The details concerning the tumorigenesis of IMT remain unclear; however, clonal rearrangement of the ALK gene on the short arm of chromosome 2 at 2p23 is frequently observed (8), with 50-60% of IMTs immunohistochemically positive for ALK (9). Coffin et al. reported that old age was likely to be associated with ALK negativity (10). The present case was also older with an ALK-negative status. Surgical resection is the most important first-line treatment for IMT and usually achieves a radical cure. However, in unresectable cases of ALK-translocated IMT, the ALK inhibitor crizotinib may be a useful treatment (11).

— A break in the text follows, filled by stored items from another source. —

Lemma frame_sub_le (e1 e2 e1' e2' v1 v2 v1' v2' E P Q : R) :
  `|e1| <= 1 -> `|e2| <= 1 -> `|e1 - e1'| <= E -> `|e2 - e2'| <= E ->
  `|v1 - v1'| <= P -> `|v2 - v2'| <= P -> `|v1'| <= Q -> `|v2'| <= Q ->
  `|(e1 * v1 + e2 * v2) - (e1' * v1' + e2' * v2')| +
  `|((- e2) * v1 + e1 * v2) - ((- e2') * v1' + e1' * v2')|
   <= 4 * P + 4 * (E * Q).
Proof.
move=> he1 he2 de1 de2 dv1 dv2 hv1 hv2.
have le_prod (a b A B : R) : `|a| <= A -> `|b| <= B -> `|a * b| <= A * B.
  by move=> ha hb; rewrite normrM ler_pM ?normr_ge0.
have norm4 (s1 s2 s3 s4 : R) : `|s1 + s2 + s3 + s4| <= `|s1| + `|s2| + `|s3| + `|s4|.
  apply: le_trans (ler_normD _ _) _; rewrite lerD2r.
  by apply: le_trans (ler_normD _ _) _; rewrite lerD2r ler_normD.
have -> : (e1 * v1 + e2 * v2) - (e1' * v1' + e2' * v2') =
  e1 * (v1 - v1') + e2 * (v2 - v2') + (e1 - e1') * v1' + (e2 - e2') * v2' by ring.
have -> : ((- e2) * v1 + e1 * v2) - ((- e2') * v1' + e1' * v2') =
  (- e2) * (v1 - v1') + e1 * (v2 - v2') + (- (e2 - e2')) * v1' + (e1 - e1') * v2' by ring.
have he2' : `|- e2| <= 1 by rewrite normrN.
have de2' : `|- (e2 - e2')| <= E by rewrite normrN.
have := norm4 (e1 * (v1 - v1')) (e2 * (v2 - v2')) ((e1 - e1') * v1') ((e2 - e2') * v2').
have := norm4 ((- e2) * (v1 - v1')) (e1 * (v2 - v2')) ((- (e2 - e2')) * v1') ((e1 - e1') * v2').
have := le_prod _ _ _ _ he1 dv1; have := le_prod _ _ _ _ he2 dv2.
have := le_prod _ _ _ _ de1 hv1; have := le_prod _ _ _ _ de2 hv2.
have := le_prod _ _ _ _ he2' dv1; have := le_prod _ _ _ _ he1 dv2.
have := le_prod _ _ _ _ de2' hv1; have := le_prod _ _ _ _ de1 hv2.
lra.
Qed.

End MovingFrame.

Lemma frame_estimate_le {R : realType} (c M d L K rad : R) :
  0 <= c -> 0 <= M -> 0 <= d -> 0 < rad -> 1 <= K -> 1 - ln 2 <= L ->
  4 * (c * (M * d * kernel_sub_const * L)) + 4 * (2 * d * K / rad * (c * (M * (32 * rad))))
  <= c * (4 * kernel_sub_const + 256 / (1 - ln 2)) * K * M * d * L.
Proof.
move=> c0 M0 d0 rad0 K1 L_ge.
have ln2 : 0 < 1 - ln (2 : R) by rewrite subr_gt0 ln2_lt1.
have L0 : 0 <= L := le_trans (ltW ln2) L_ge.
have KS0 : 0 <= kernel_sub_const :> R.
  by rewrite addr_ge0 ?mulr_ge0 ?addr_ge0 ?divr_ge0 ?invr_ge0 ?ln_ge0 ?ler1n ?ltW.
have -> : 4 * (c * (M * d * kernel_sub_const * L)) +
    4 * (2 * d * K / rad * (c * (M * (32 * rad)))) =
    c * M * d * (4 * kernel_sub_const * L + 256 * K).
  by field; rewrite gt_eqF.
have -> : c * (4 * kernel_sub_const + 256 / (1 - ln 2)) * K * M * d * L =
    c * M * d * (4 * kernel_sub_const * (K * L) + 256 * (K * (L / (1 - ln 2)))).
  by field; rewrite gt_eqF.
rewrite ler_wpM2l ?mulr_ge0 //; apply: lerD; rewrite ler_wpM2l ?mulr_ge0 //.
  exact: ler_peMl.
by rewrite ler_peMr ?(le_trans ler01 K1) // ler_pdivlMr // mul1r.
Qed.

Theorem corollary3p2 (R : realType) :
  exists C : R, forall (rad K : R) (f : R * R -> R),
    0 < rad -> 1 < K ->
    measurable_fun setT f ->
    (bs_Linf f < +oo)%E ->
    (forall z, ~ bs_annulus rad K z -> f z = 0) ->
    forall x y : R * R, bs_annulus rad K x -> bs_annulus rad K y -> x <> y ->
      `|bs_vr f x - bs_vr f y| + `|bs_valpha f x - bs_valpha f y|
        <= C * K * fine (bs_Linf f) * bs_dist x y
             * (1 + ln (rad / bs_dist x y)).
Proof.
exists ((2 * pi)^-1 * (4 * kernel_sub_const + 256 / (1 - ln 2))).
move=> rad K f rad0 K1 mf f_fin f_supp x y /andP[hx1 hx2] /andP[hy1 hy2] xy.
have [M0 f_le] := bs_Linf_ae_bound f_fin; set M := fine (bs_Linf f) in M0 f_le *.
have d0 : 0 < bs_dist x y.
  by rewrite lt_def bs_dist_ge0 andbT; apply/eqP => /bs_dist_eq0.
have f_ball w : f w != 0 -> bs_norm w < rad.
  by case: (pselect (bs_annulus rad K w)) => [/andP[] | /f_supp ->]; rewrite ?eqxx.
have K0 : 0 < K by lra.
have y0 : 0 < bs_norm y by apply: lt_le_trans hy1; rewrite divr_gt0.
have [v1y v2y] := bs_velocity_le M0 rad0 mf f_le f_ball hy2.
have [v1xy v2xy] := bs_velocity_sub_le M0 rad0 mf f_le f_ball d0 hx2 hy2.
have [ex1 ex2] := bs_direction_le x.
have [exy1 exy2] := bs_direction_sub_le rad0 K0 hx1 y0.
apply: le_trans (frame_sub_le ex1 ex2 exy1 exy2 v1xy v2xy v1y v2y) _.
apply: frame_estimate_le; [ by rewrite invr_ge0 mulr_ge0 // pi_ge0 | done | exact: ltW |
  done | exact: ltW | exact: log_term_ge (ltW (bs_dist_lt_ball hx2 hy2)) ].
Qed.
(* Let $\alpha,\beta\in\mathbb{C}$ be not both zero, $\ell(x,y)=\alpha x+\beta y$, $H(x,y)=\tfrac12 a_1x^2+a_2xy+\tfrac12 a_3y^2+a_4x+a_5y$, and let $\Phi_f$ be the Kahan map (step $1$) of the vector field $f=\ell\,(\partial H/\partial y,\,-\partial H/\partial x)^T$. Let $\gamma_1=a_2^2-a_1a_3$, $c=\gamma_1^{-1/2}$, $\gamma_2=a_3a_4^2+a_1a_5^2-2a_2a_4a_5$, $C=H-\tfrac12\gamma_2\ell^2$, $D=1-\gamma_1\ell^2$, and consider the pencil of conics $C(x,y)-\lambda D(x,y)=0$, with $C(x,y)=0$ nonsingular. Then, generically, the map $\Phi_f$, considered as a birational map $\mathbb{C}P^2\dashrightarrow\mathbb{C}P^2$, has three singular points $B_1,B_3,B_0$, lying on the lines $\ell(x,y)=-c$, $\ell(x,y)=c$ and $\ell(x,y)=0$ respectively; and $\Phi_f^{-1}$ has three singular points $B_2,B_4,B_5$, lying on the lines $\ell(x,y)=-c$, $\ell(x,y)=c$ and $\ell(x,y)=0$ respectively. The points $B_1,B_2,B_3,B_4$ are the base points of the pencil, and $$B_0=\tfrac12(B_2+B_4),\qquad B_5=\tfrac12(B_1+B_3).$$
   Context: Kahan discretization: for a quadratic vector field $f(x)=Q(x)+Bx+c$ on $\mathbb{C}^n$, the Kahan map $\widetilde x=\Phi_f(x)$ (step $1$) is defined by $\frac{\widetilde x-x}{2}=Q(x,\widetilde x)+\frac12B(x+\widetilde x)+c$ with $Q(x,\widetilde x)=\frac12(Q(x+\widetilde x)-Q(x)-Q(\widetilde x))$; equivalently $\Phi_f(x)=x+2(I-f'(x))^{-1}f(x)$. It is birational with $\Phi_f^{-1}=\Phi_{-f}$. In the planar case $\Phi_f=(R/T,S/T)$ with polynomials $R,S,T$ of degree 2; singular points of the birational map are its points of indeterminacy, i.e. the common zeros of the components of its homogenized representation (in the affine part, the common zeros of $R,S,T$). Base points of a pencil of conics are the points common to all its conics. *)

(* The field of complex numbers is modelled as R[i]
   (mathcomp-real-closed's [complex R]) for an arbitrary [R : realType]. *)
From HB Require Import structures.
From mathcomp Require Import all_boot all_algebra.
From mathcomp Require Export reals complex.
From mathcomp Require Export mpoly.
(* Let $p_0,q\in\mathcal S^{d-1}$ and consider the preference dynamics with the fixed recommendation $q_t=q$ for all $t\ge 0$, i.e. $\tilde p_{t+1}=p_t+\eta_t\,(p_t^\top q)\,q$, $p_{t+1}=\tilde p_{t+1}/\|\tilde p_{t+1}\|_2$, with step sizes either constant ($\eta_t=\eta$) or decreasing ($\eta_t=\frac{\eta}{t+s}$). Then for all $t\ge 0$, \[p_t=\left(\frac{\gamma_t}{\sqrt{(q^\top p_0)^2+\gamma_t^2(1-(q^\top p_0)^2)}}\right)p_0+\left(\frac{q^\top p_0\,(1-\gamma_t)}{\sqrt{(q^\top p_0)^2+\gamma_t^2(1-(q^\top p_0)^2)}}\right)q,\] where $\gamma_t=(\eta+1)^{-t}$ in the constant case and $\gamma_t=\prod_{k=0}^{\eta-1}\frac{s+k}{t+s+k}$ in the decreasing case. Moreover, the magnitude of the coefficient of $p_0$ is nonincreasing in $t$ and the magnitude of the coefficient of $q$ is nondecreasing in $t$.
   Context: $\mathcal S^{d-1}$ denotes the unit sphere in $\mathbb{R}^d$. In the constant step-size setting $\eta>0$ is a constant; in the decreasing step-size setting $\eta$ and $s$ are positive integers. *)

From mathcomp Require Import all_boot all_order all_algebra.
Set Implicit Arguments. Unset Strict Implicit. Unset Printing Implicit Defensive.
Import Order.TTheory GRing.Theory Num.Theory.
Local Open Scope ring_scope.

Section PrefDyn.
Variables (R : rcfType) (d : nat).

Definition dotv (u v : 'rV[R]_d) : R := \sum_(i < d) u 0 i * v 0 i.
Definition norm2 (u : 'rV[R]_d) : R := Num.sqrt (dotv u u).

Definition on_sphere (u : 'rV[R]_d) : Prop := norm2 u = 1.

Definition pref_step (eta : R) (q p : 'rV[R]_d) : 'rV[R]_d :=
  let pt := p + (eta * dotv p q) *: q in (norm2 pt)^-1 *: pt.

Fixpoint pref_traj (etas : nat -> R) (q p0 : 'rV[R]_d) (t : nat) : 'rV[R]_d :=
  match t with
  | O => p0
  | t'.+1 => pref_step (etas t') q (pref_traj etas q p0 t')
  end.

(* coefficients of p0 and q in the closed form, given gamma_t and c = q^T p0 *)
Definition denom (c g : R) : R := Num.sqrt (c ^+ 2 + g ^+ 2 * (1 - c ^+ 2)).
Definition coef_p0 (c g : R) : R := g / denom c g.
Definition coef_q (c g : R) : R := c * (1 - g) / denom c g.
End PrefDyn.

Definition gamma_const (R : rcfType) (eta : R) (t : nat) : R := (eta + 1) ^- t.

Definition gamma_dec (R : rcfType) (eta s t : nat) : R :=
  \prod_(k < eta) ((s + k)%:R / (t + s + k)%:R).

Definition eta_dec (R : rcfType) (eta s t : nat) : R := eta%:R / (t + s)%:R.

From mathcomp Require Import all_boot all_order all_algebra.
From mathcomp Require Import ring lra zify.
Set Implicit Arguments. Unset Strict Implicit. Unset Printing Implicit Defensive.
Import Order.TTheory GRing.Theory Num.Theory.
Local Open Scope ring_scope.

(* With c = q^T p0, the unnormalised vector u(g) = g p0 + c (1 - g) q satisfies
   u(g)^T q = c, so one step of the dynamics sends the direction of u(g) to that of
   u(g) + eta c q = (1 + eta) u(g'), where g' (1 + eta) = g.  Normalisation forgets
   positive factors, hence p_t is the normalisation of u(gamma_t) for every gamma with
   gamma_0 = 1 and gamma_(t+1) (1 + eta_t) = gamma_t; both step-size schedules give
   such a gamma, decreasing in (0, 1].  Since |u(g)|^2 = c^2 + g^2 (1 - c^2), the
   monotonicity of the two coefficients reduces to polynomial inequalities in g. *)

Section InnerProduct.
Variables (R : rcfType) (d : nat).
Implicit Types (u v w : 'rV[R]_d) (k : R).

Lemma dotvC u v : dotv u v = dotv v u.
Proof. by apply: eq_bigr => i _; rewrite mulrC. Qed.

Lemma dotvDl u v w : dotv (u + v) w = dotv u w + dotv v w.
Proof. by rewrite /dotv -big_split; apply: eq_bigr => i _; rewrite mxE mulrDl. Qed.

Lemma dotvZl k u v : dotv (k *: u) v = k * dotv u v.
Proof. by rewrite /dotv mulr_sumr; apply: eq_bigr => i _; rewrite mxE mulrA. Qed.

Lemma dotvZr k u v : dotv u (k *: v) = k * dotv u v.
Proof. by rewrite dotvC dotvZl dotvC. Qed.

Lemma dotvv_ge0 u : 0 <= dotv u u.
Proof. by apply: sumr_ge0 => i _; rewrite -expr2 sqr_ge0. Qed.

Lemma dotvv_sphere u : on_sphere u -> dotv u u = 1.
Proof. by rewrite /on_sphere /norm2 => u1; rewrite -(sqr_sqrtr (dotvv_ge0 u)) u1 expr1n. Qed.

Lemma dotv_sphere_sqr_le1 u v : on_sphere u -> on_sphere v -> dotv u v ^+ 2 <= 1.
Proof.
move=> u1 v1; have := dotvv_ge0 (u + (- dotv u v) *: v).
rewrite !(dotvDl, dotvZl, dotvC _ (_ + _), dotvC _ (_ *: _)) (dotvC v u).
rewrite !dotvv_sphere //; nra.
Qed.

Lemma norm2Z k u : norm2 (k *: u) = `|k| * norm2 u.
Proof. by rewrite /norm2 dotvZl dotvZr mulrA -expr2 sqrtrM ?sqr_ge0 // sqrtr_sqr. Qed.

Definition normalize u := (norm2 u)^-1 *: u.

Lemma normalizeZ k u : 0 < k -> normalize (k *: u) = normalize u.
Proof.
move=> k_gt0; rewrite /normalize norm2Z gtr0_norm // invfM scalerA.
by rewrite mulrAC mulVf ?gt_eqF // mul1r.
Qed.

Lemma normalize_sphere u : on_sphere u -> normalize u = u.
Proof. by rewrite /normalize => ->; rewrite invr1 scale1r. Qed.

End InnerProduct.

Section Coefficients.
Variables (R : rcfType) (c : R).
Hypothesis c_le1 : c ^+ 2 <= 1.

Lemma denom_sqr_gt0 (g : R) : 0 < g -> 0 < c ^+ 2 + g ^+ 2 * (1 - c ^+ 2).
Proof.
move=> g_gt0; have c2_ge0 := sqr_ge0 c; have g2_gt0 := exprn_gt0 2 g_gt0.
have [g2_le1|g2_gt1] := lerP (g ^+ 2) 1.
- have : 0 <= c ^+ 2 * (1 - g ^+ 2) by apply: mulr_ge0; lra.
  lra.
- have : 0 <= (g ^+ 2 - 1) * (1 - c ^+ 2) by rewrite mulr_ge0 ?subr_ge0 // ltW.
  lra.
Qed.

Lemma sqr_denom (g : R) : 0 < g -> denom c g ^+ 2 = c ^+ 2 + g ^+ 2 * (1 - c ^+ 2).
Proof. by move=> g_gt0; rewrite sqr_sqrtr // ltW // denom_sqr_gt0. Qed.

Lemma denom_gt0 (g : R) : 0 < g -> 0 < denom c g.
Proof. by move=> g_gt0; rewrite sqrtr_gt0 denom_sqr_gt0. Qed.

Lemma ler_norm_div_denom (x x' g g' : R) : 0 < g -> 0 < g' ->
  x ^+ 2 * (c ^+ 2 + g' ^+ 2 * (1 - c ^+ 2)) <= x' ^+ 2 * (c ^+ 2 + g ^+ 2 * (1 - c ^+ 2)) ->
  `|x / denom c g| <= `|x' / denom c g'|.
Proof.
move=> g_gt0 g'_gt0; rewrite -!sqr_denom // => le_sqr.
rewrite -ler_sqr ?nnegrE // !real_normK ?num_real // !expr_div_n.
by rewrite ler_pdivrMr ?exprn_gt0 ?denom_gt0 // mulrAC ler_pdivlMr ?exprn_gt0 ?denom_gt0.
Qed.

Lemma coef_p0_mono (g g' : R) : 0 < g' -> g' <= g -> `|coef_p0 c g'| <= `|coef_p0 c g|.
Proof.
move=> g'_gt0 le_g'g; have g_gt0 := lt_le_trans g'_gt0 le_g'g.
apply: ler_norm_div_denom => //.
have : g' ^+ 2 <= g ^+ 2 by rewrite ler_pXn2r // nnegrE ltW.
have := sqr_ge0 c; nra.
Qed.

Lemma coef_q_anti (g g' : R) : 0 < g' -> g' <= g -> g <= 1 -> `|coef_q c g| <= `|coef_q c g'|.
Proof.
move=> g'_gt0 le_g'g g_le1; have g_gt0 := lt_le_trans g'_gt0 le_g'g.
apply: ler_norm_div_denom => //.
have le_1g : (1 - g) ^+ 2 <= (1 - g') ^+ 2 by rewrite ler_pXn2r ?nnegrE //; lra.
have le_cross : ((1 - g) * g') ^+ 2 <= ((1 - g') * g) ^+ 2.
  by rewrite ler_pXn2r ?nnegrE //; nra.
have key : (1 - g) ^+ 2 * c ^+ 2 + ((1 - g) * g') ^+ 2 * (1 - c ^+ 2)
        <= (1 - g') ^+ 2 * c ^+ 2 + ((1 - g') * g) ^+ 2 * (1 - c ^+ 2).
  have c2_ge0 := sqr_ge0 c.
  by apply: lerD; apply: ler_wpM2r; rewrite ?subr_ge0.
have := ler_wpM2l (sqr_ge0 c) key.
by congr (_ <= _); ring.
Qed.

End Coefficients.

Section Ansatz.
Variables (R : rcfType) (d : nat) (p0 q : 'rV[R]_d).
Hypotheses (p0_sphere : on_sphere p0) (q_sphere : on_sphere q).

Definition ansatz (g : R) : 'rV[R]_d := g *: p0 + (dotv q p0 * (1 - g)) *: q.

Lemma dotv_ansatz_q g : dotv (ansatz g) q = dotv q p0.
Proof. by rewrite dotvDl !dotvZl dotvv_sphere // (dotvC p0 q); ring. Qed.

Lemma norm2_ansatz g : norm2 (ansatz g) = denom (dotv q p0) g.
Proof.
rewrite /norm2 /denom; congr Num.sqrt.
rewrite !(dotvDl, dotvZl, dotvC _ (_ + _), dotvC _ (_ *: _)).
by rewrite !dotvv_sphere // (dotvC p0 q); ring.
Qed.

Lemma normalize_ansatz g :
  normalize (ansatz g) = coef_p0 (dotv q p0) g *: p0 + coef_q (dotv q p0) g *: q.
Proof.
by rewrite /normalize norm2_ansatz scalerDr !scalerA /coef_p0 /coef_q !(mulrC _^-1).
Qed.

Lemma pref_step_ansatz eta g g' : 0 < 1 + eta -> 0 < g -> g' * (1 + eta) = g ->
  pref_step eta q (normalize (ansatz g)) = normalize (ansatz g').
Proof.
move=> eta1_gt0 g_gt0 gS.
rewrite /pref_step -/(normalize _) {2}/normalize dotvZl dotv_ansatz_q.
set k := (norm2 (ansatz g))^-1.
have k_gt0 : 0 < k.
  by rewrite invr_gt0 norm2_ansatz denom_gt0 ?dotv_sphere_sqr_le1.
have -> : k *: ansatz g + (eta * (k * dotv q p0)) *: q = k *: ((1 + eta) *: ansatz g').
  by rewrite /ansatz -gS !scalerDr !scalerA -addrA -scalerDl; congr (_ *: _ + _ *: _); ring.
by rewrite !normalizeZ.
Qed.

End Ansatz.

Section Discount.
Variables (R : realFieldType) (etas gamma : nat -> R).
Hypotheses (etas_ge0 : forall t, 0 <= etas t) (gamma0 : gamma 0%N = 1)
  (gammaS : forall t, gamma t.+1 * (1 + etas t) = gamma t).

Lemma discount_gt0 t : 0 < gamma t.
Proof.
elim: t => [|t IH]; first by rewrite gamma0.
by move: IH; rewrite -gammaS pmulr_lgt0 // ltr_wpDr.
Qed.

Lemma discount_decr t : gamma t.+1 <= gamma t.
Proof.
rewrite -[leRHS]gammaS mulrDr mulr1 lerDl.
exact: mulr_ge0 (ltW (discount_gt0 _)) (etas_ge0 t).
Qed.

Lemma discount_le1 t : gamma t <= 1.
Proof. by elim: t => [|t IH]; [rewrite gamma0 | exact: le_trans (discount_decr t) IH]. Qed.

End Discount.

Lemma pref_traj_ansatz (R : rcfType) (d : nat) (p0 q : 'rV[R]_d) (etas gamma : nat -> R) :
  on_sphere p0 -> on_sphere q -> (forall t, 0 <= etas t) -> gamma 0%N = 1 ->
  (forall t, gamma t.+1 * (1 + etas t) = gamma t) ->
  forall t, pref_traj etas q p0 t = normalize (ansatz p0 q (gamma t)).
Proof.
move=> p0_sphere q_sphere etas_ge0 gamma0 gammaS; elim=> [|t IH] /=.
  by rewrite gamma0 /ansatz subrr mulr0 scale0r addr0 scale1r normalize_sphere.
rewrite IH (pref_step_ansatz p0_sphere q_sphere _ _ (gammaS t)) ?ltr_wpDr //.
exact: discount_gt0 etas_ge0 gamma0 gammaS t.
Qed.

Lemma pref_traj_closed_form (R : rcfType) (d : nat) (p0 q : 'rV[R]_d) (etas gamma : nat -> R) :
  on_sphere p0 -> on_sphere q -> (forall t, 0 <= etas t) -> gamma 0%N = 1 ->
  (forall t, gamma t.+1 * (1 + etas t) = gamma t) ->
  let c := dotv q p0 in
  (forall t, pref_traj etas q p0 t = coef_p0 c (gamma t) *: p0 + coef_q c (gamma t) *: q) /\
  (forall t, `|coef_p0 c (gamma t.+1)| <= `|coef_p0 c (gamma t)| /\
             `|coef_q c (gamma t)| <= `|coef_q c (gamma t.+1)|).
Proof.
move=> p0_sphere q_sphere etas_ge0 gamma0 gammaS c.
have c_le1 : c ^+ 2 <= 1 by rewrite dotv_sphere_sqr_le1.
have gamma_gt0 := discount_gt0 etas_ge0 gamma0 gammaS.
have gamma_decr := discount_decr etas_ge0 gamma0 gammaS.
split=> t; first by rewrite (pref_traj_ansatz _ _ _ gamma0 gammaS) // normalize_ansatz.
split; first exact: coef_p0_mono.
exact: coef_q_anti (discount_le1 etas_ge0 gamma0 gammaS t).
Qed.

Lemma gamma_constS (R : rcfType) (eta : R) t : 0 <= eta ->
  gamma_const eta t.+1 * (1 + eta) = gamma_const eta t.
Proof.
move=> eta_ge0; rewrite /gamma_const exprSr invfM addrC -mulrA mulVf ?mulr1 //.
rewrite gt_eqF //; lra.
Qed.

Section DecreasingSteps.
Variables (R : rcfType) (s : nat).
Hypothesis s_gt0 : (0 < s)%N.

Let natr_sum_neq0 (m n : nat) : (m + s + n)%:R != 0 :> R.
Proof. by rewrite pnatr_eq0 -lt0n; lia. Qed.

Lemma gamma_dec0 eta : gamma_dec R eta s 0 = 1.
Proof. by apply: big1 => k _; rewrite add0n divff // (natr_sum_neq0 0). Qed.

Lemma gamma_dec_shift eta t :
  gamma_dec R eta s t.+1 * (t + s + eta)%:R = gamma_dec R eta s t * (t + s)%:R.
Proof.
elim: eta => [|n IH]; first by rewrite /gamma_dec !big_ord0 addn0.
rewrite /gamma_dec !big_ord_recr /= -!/(gamma_dec R n s _).
have -> : gamma_dec R n s t.+1 = gamma_dec R n s t * (t + s)%:R / (t + s + n)%:R.
  by rewrite -IH mulfK.
have -> : (t.+1 + s + n)%:R = (t + s + n.+1)%:R :> R by rewrite addSn addnS.
have := natr_sum_neq0 t n; have := natr_sum_neq0 t n.+1.
by rewrite -addn1 !natrD => ? ?; field; apply/andP.
Qed.

Lemma gamma_decS eta t :
  gamma_dec R eta s t.+1 * (1 + eta_dec R eta s t) = gamma_dec R eta s t.
Proof.
have ts_neq0 : (t + s)%:R != 0 :> R by rewrite -[(t + s)%N]addn0 natr_sum_neq0.
have -> : 1 + eta_dec R eta s t = (t + s + eta)%:R / (t + s)%:R.
  by rewrite /eta_dec (natrD _ (t + s) eta); field; rewrite -natrD.
by rewrite mulrA gamma_dec_shift mulfK.
Qed.

End DecreasingSteps.

Theorem corollary1 (R : rcfType) (d : nat) (p0 q : 'rV[R]_d) :
  on_sphere p0 -> on_sphere q ->
  (* constant step size eta_t = eta > 0 *)
  (forall eta : R, 0 < eta ->
     let c := dotv q p0 in
     let g := gamma_const eta in
     (forall t : nat,
        pref_traj (fun _ => eta) q p0 t
        = coef_p0 c (g t) *: p0 + coef_q c (g t) *: q) /\
     (forall t : nat,
        `|coef_p0 c (g t.+1)| <= `|coef_p0 c (g t)| /\
        `|coef_q c (g t)| <= `|coef_q c (g t.+1)|)) /\
  (* decreasing step size eta_t = eta / (t + s), eta, s positive integers *)
  (forall eta s : nat, (0 < eta)%N -> (0 < s)%N ->
     let c := dotv q p0 in
     let g := gamma_dec R eta s in
     (forall t : nat,
        pref_traj (eta_dec R eta s) q p0 t
        = coef_p0 c (g t) *: p0 + coef_q c (g t) *: q) /\
     (forall t : nat,
        `|coef_p0 c (g t.+1)| <= `|coef_p0 c (g t)| /\
        `|coef_q c (g t)| <= `|coef_q c (g t.+1)|)).
Proof.
move=> p0_sphere q_sphere; split=> [eta eta_gt0 | eta s _ s_gt0];
  apply: pref_traj_closed_form => //.
- by move=> _; exact: ltW.
- by rewrite /gamma_const expr0 invr1.
- by move=> t; exact: gamma_constS (ltW eta_gt0).
- by move=> t; rewrite /eta_dec divr_ge0.
- exact: gamma_dec0.
- exact: gamma_decS.
Qed.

IgG4-related disease is a steroid-responsive multiorgan system disorder characterized by IgG4-positive plasma cell infiltration and fibrosis as well as high serum levels of IgG4 in many cases (1). IMT often shows IgG4-positive cells (12), and due to their similar histologies regarding plasma cell infiltration, IMT and IgG4-related disease need to be carefully differentiated. Zhu et al. reported that IMT showed less infiltration of lymphocytes and plasma cells, more cytological atypia, and fewer IgG4-positive cells than IgG4-related inflammatory pseudotumor (IPT) and that ALK-positive cells were specific to IMT (13). Further investigations will be needed in order to better diagnose IMT and IgG4-related disease.

We encountered an elderly man with IMT who initially presented with rectal ulceration and abnormal retroperitoneal soft tissue that required differentiation from IgG4-related disease. An endoscopic biopsy was insufficient to diagnose IMT by a histological examination. These lesions did not respond to steroid therapy, and radical resection was not completed. He was unable to undergo post-surgical therapy for the tumor due to tumor-associated necrosis. It was concluded that the newly emerged liver tumor was metastatic, given its histological similarity to the rectal mass. The patient died of IMT one month after the diagnosis of liver metastasis. We reported a rare case of IMT with an aggressive course.

The authors state that they have no Conflict of Interest (COI).